Especially in order to determine the stone chip resistance of coatings that should provide effective protection of metal substrates from corrosion, the adhesion value at the interface is the main concern. By hitting the test piece with a steel ball, the situation encountered in practice can be replicated, but only under slightly satisfactory conditions. The force transmission through the film is approximately equal to the static load case; that is, it is calculated almost the same as for the indentation test.

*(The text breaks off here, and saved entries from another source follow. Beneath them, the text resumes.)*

(* For any object $(E,\sigma)$ of $\mathrm{OS}_B$, the poset $E^\star$ is Noetherian, i.e. every upward-closed subset of $E^\star$ has only finitely many minimal elements.
   Context: An object of $\mathrm{OS}_B$ is a pair $(E,\sigma)$ with $E$ a totally ordered finite set and $\sigma$ an order-reversing involution with a unique fixed point; write $-e:=\sigma(e)$. $E^\star$ is the set of finite words in the alphabet $E$, partially ordered by: $e_1\cdots e_m\le f_1\cdots f_n$ iff there is a strictly increasing map $\theta:[m]\to[n]$ such that $e_i=f_{\theta(i)}$ for all $i\in[m]$, and for every $j\in[n]$ there exists $i\in[m]$ with $\theta(i)\le j$ and $f_{\theta(i)}\in\{f_j,-f_j\}$. (That is, the first word is a subword of the second containing the first occurrence of every $\sigma$-orbit appearing in the second.) *)

From mathcomp Require Import all_boot all_order.
Set Implicit Arguments. Unset Strict Implicit. Unset Printing Implicit Defensive.
Import Order.TTheory.
Local Open Scope order_scope.

Definition OSB_object (d : Order.disp_t) (E : finOrderType d) (sigma : E -> E) : Prop :=
  [/\ involutive sigma,
      (forall x y : E, x <= y -> sigma y <= sigma x) &
      exists! e : E, sigma e = e].

Definition word_le (T : eqType) (sigma : T -> T) (u v : seq T) : Prop :=
  exists theta : 'I_(size u) -> 'I_(size v),
    [/\ (forall i j : 'I_(size u), (i < j)%N -> (theta i < theta j)%N),
        (forall i : 'I_(size u), tnth (in_tuple u) i = tnth (in_tuple v) (theta i)) &
        (forall j : 'I_(size v), exists i : 'I_(size u),
            (theta i <= j)%N /\
            (tnth (in_tuple v) (theta i) = tnth (in_tuple v) j \/
             tnth (in_tuple v) (theta i) = sigma (tnth (in_tuple v) j)))].

Definition upward_closed (T : Type) (le : T -> T -> Prop) (S : T -> Prop) : Prop :=
  forall u v, S u -> le u v -> S v.

Definition minimal_in (T : Type) (le : T -> T -> Prop) (S : T -> Prop) (w : T) : Prop :=
  S w /\ forall u, S u -> le u w -> u = w.

Definition noetherian_poset (T : eqType) (le : T -> T -> Prop) : Prop :=
  forall S : T -> Prop, upward_closed le S ->
    exists s : seq T, forall w, minimal_in le S w -> w \in s.

From Stdlib Require Import Classical ClassicalEpsilon.
From mathcomp Require Import all_boot all_order.
Set Implicit Arguments. Unset Strict Implicit. Unset Printing Implicit Defensive.

(* The proof reduces the statement to Higman's lemma.
   1. Higman's lemma for a finite alphabet (subsequence order), proved by
      Nash-Williams' minimal bad sequence argument: a bad sequence built
      greedily from shortest words cannot exist, since beheading a common
      first letter along an infinite subsequence yields a shorter bad one.
   2. Encoding: a word v is sent to the word over the finite alphabet
      (E x bool) + {set E} that tags every letter with whether it is the
      first occurrence of its sigma-orbit, followed by the set of letters
      whose orbit meets v.  If code u is a subsequence of code v, then
      u <= v in E*: matched positions give theta, equal orbit supports and
      the first-occurrence flags give the covering condition.
   3. A relation for which every infinite sequence has an increasing pair has
      finitely many minimal elements in any set, as distinct minimal elements
      form such a sequence with no increasing pair.
   Only the involutivity of sigma (and non-emptiness of E) is needed. *)

Lemma ex_min_measure (T : Type) (m : T -> nat) (P : T -> Prop) :
  (exists x, P x) -> exists x, P x /\ forall y, P y -> m x <= m y.
Proof.
case=> x0 Px0; move: {2}(m x0) (erefl (m x0)) => n0.
elim/ltn_ind: n0 x0 Px0 => n IH x Px mx.
case: (classic (exists y, P y /\ m y < m x)) => [[y [Py lt_yx]] | no_smaller].
  by apply: (IH _ _ y Py erefl); rewrite -mx.
exists x; split=> // y Py; rewrite leqNgt; apply/negP => lt_yx.
by apply: no_smaller; exists y.
Qed.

The graph is based on the adhesion information of the circular peel graph generated by the impact load of the paint film
Thus, in the disbond zone, two types of stress are active: negative tensile stress (i.e., compressive stress) in the center of the circular disbond zone, and, more importantly, shear stress in the annual zone. The size of the disbonded area, primarily the largest diameter, can be used to measure adhesion at the interface, and it is convenient to measure adhesion in terms of diameter or (better yet) the area of the disbonded area. Therefore, the absolute value of the adhesion force indicative of a low level of adhesion at an extended separation site can be calculated, at least in principle, but some additional parameters need to be considered.
The first is the significant effect of film thickness. For thin films, the separation zone is more concentrated near the impact axis. In areas where the coating is thicker, under the same test conditions, the area affected by the stress is larger, resulting in delamination. The details of this relationship are readily understood based on a particular scheme valid for the internal stress distribution throughout the film. The other parameters of the bond strength calculation are related to the impact of the steel ball.
Its mass, diameter and velocity -- before and after the impact -- need to be known, as well as the (usually short) duration of the impact, during which energy is transferred into the membrane.